TASK DESCRIPTION: The entries below contain a stretch that opens with the line containing "Let mW : measurable_fun setT W." and closes with the line containing "Proof. by apply/measurable_EFinP;"; set down that stretch exactly, both ends included, and nothing else.

Collected data entries:
**********
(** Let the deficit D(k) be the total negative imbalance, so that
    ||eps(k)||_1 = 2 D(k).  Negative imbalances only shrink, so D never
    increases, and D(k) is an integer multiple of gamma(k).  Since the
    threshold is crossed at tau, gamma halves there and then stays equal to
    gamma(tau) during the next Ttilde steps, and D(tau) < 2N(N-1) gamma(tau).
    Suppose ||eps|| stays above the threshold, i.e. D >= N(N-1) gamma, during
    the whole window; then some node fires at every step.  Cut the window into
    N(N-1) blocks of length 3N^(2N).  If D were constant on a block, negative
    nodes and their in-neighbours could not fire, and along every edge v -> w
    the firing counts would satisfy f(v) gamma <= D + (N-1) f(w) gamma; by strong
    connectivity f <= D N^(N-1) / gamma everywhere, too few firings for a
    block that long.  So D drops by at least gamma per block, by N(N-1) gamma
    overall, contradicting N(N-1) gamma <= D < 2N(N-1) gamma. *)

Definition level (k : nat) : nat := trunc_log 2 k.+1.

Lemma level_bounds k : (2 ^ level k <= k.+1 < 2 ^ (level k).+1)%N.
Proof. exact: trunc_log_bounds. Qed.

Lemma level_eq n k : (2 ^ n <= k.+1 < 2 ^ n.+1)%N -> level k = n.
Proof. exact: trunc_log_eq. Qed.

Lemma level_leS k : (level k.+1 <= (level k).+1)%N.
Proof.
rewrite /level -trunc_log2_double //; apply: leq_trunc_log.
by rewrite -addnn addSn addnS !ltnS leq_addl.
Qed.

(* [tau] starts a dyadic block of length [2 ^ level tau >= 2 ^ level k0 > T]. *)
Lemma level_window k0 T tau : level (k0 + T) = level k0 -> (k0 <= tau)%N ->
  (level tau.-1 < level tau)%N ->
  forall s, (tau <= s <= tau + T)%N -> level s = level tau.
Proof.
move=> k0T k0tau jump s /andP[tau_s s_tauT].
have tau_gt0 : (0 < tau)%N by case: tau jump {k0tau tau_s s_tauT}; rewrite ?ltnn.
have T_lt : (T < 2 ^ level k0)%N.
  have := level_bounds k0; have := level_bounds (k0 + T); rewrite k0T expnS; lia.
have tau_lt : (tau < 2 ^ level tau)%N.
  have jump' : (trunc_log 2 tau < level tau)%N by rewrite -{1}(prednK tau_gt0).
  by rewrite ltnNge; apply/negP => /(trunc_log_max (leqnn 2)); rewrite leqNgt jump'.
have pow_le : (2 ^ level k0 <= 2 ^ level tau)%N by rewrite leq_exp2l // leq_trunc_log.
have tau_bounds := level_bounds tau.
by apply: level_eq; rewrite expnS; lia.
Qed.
**********
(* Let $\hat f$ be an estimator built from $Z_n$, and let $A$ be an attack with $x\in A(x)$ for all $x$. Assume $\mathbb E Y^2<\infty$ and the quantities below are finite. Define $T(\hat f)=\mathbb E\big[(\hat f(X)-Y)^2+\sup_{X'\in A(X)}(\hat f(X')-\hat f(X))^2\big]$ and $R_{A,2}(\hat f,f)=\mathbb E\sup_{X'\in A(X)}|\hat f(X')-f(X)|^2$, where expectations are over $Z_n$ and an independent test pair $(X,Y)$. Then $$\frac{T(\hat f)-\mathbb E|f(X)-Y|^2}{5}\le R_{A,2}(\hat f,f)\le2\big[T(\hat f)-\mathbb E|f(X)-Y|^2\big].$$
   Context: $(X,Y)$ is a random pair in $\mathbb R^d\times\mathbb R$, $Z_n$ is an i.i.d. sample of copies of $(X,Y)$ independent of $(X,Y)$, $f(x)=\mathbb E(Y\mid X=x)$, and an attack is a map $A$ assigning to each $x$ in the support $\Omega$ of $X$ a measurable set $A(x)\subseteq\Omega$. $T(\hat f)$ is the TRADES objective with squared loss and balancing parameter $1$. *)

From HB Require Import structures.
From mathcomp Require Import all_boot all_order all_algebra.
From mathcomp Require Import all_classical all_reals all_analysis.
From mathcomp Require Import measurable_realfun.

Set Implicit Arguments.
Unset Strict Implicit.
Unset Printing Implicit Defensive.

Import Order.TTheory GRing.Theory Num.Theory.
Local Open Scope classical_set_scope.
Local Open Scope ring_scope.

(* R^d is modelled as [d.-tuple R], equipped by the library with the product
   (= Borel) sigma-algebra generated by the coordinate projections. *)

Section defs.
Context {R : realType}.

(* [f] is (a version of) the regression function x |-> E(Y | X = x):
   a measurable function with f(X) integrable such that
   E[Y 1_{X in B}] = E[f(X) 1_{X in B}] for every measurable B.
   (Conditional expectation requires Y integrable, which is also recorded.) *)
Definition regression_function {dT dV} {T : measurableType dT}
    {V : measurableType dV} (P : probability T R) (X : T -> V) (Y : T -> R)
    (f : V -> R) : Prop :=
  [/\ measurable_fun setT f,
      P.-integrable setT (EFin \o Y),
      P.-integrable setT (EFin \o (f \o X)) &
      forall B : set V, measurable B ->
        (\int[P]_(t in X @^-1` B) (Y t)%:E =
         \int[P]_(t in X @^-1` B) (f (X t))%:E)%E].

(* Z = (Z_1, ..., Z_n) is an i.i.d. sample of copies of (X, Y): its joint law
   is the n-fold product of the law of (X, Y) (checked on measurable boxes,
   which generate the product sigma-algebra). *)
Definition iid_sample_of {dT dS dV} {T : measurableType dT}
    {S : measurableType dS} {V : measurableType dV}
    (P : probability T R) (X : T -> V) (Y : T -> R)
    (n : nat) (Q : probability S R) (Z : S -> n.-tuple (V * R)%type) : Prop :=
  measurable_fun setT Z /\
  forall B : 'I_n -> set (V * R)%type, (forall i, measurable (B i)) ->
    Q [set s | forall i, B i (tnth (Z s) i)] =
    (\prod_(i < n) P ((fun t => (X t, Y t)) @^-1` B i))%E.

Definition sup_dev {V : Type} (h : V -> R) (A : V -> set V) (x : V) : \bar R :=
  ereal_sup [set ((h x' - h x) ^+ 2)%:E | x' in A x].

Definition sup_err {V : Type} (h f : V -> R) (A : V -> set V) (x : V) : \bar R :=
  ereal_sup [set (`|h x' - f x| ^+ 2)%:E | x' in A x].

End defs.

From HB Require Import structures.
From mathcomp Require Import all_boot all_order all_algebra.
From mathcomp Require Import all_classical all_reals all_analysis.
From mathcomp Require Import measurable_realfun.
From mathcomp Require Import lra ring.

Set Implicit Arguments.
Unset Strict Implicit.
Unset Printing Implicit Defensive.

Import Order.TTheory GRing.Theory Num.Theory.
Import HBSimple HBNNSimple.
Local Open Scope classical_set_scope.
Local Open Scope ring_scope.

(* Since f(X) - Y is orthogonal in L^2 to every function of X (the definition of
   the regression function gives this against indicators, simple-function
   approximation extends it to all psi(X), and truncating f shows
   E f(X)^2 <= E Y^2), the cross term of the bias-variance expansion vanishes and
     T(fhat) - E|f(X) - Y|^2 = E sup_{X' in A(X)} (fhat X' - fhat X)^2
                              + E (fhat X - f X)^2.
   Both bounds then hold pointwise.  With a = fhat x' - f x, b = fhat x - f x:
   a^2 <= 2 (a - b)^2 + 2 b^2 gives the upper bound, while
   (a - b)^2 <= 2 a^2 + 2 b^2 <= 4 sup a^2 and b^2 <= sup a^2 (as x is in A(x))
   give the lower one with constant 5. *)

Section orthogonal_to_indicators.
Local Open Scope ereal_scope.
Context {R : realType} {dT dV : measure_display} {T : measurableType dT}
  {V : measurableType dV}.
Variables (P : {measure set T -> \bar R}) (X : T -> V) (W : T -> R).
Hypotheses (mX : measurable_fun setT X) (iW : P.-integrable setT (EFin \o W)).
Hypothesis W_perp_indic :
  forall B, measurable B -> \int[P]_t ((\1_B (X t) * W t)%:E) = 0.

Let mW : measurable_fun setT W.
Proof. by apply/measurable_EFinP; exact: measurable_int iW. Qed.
**********
ANSWER AREA:
Let mW : measurable_fun setT W.
Proof. by apply/measurable_EFinP; exact: measurable_int iW. Qed.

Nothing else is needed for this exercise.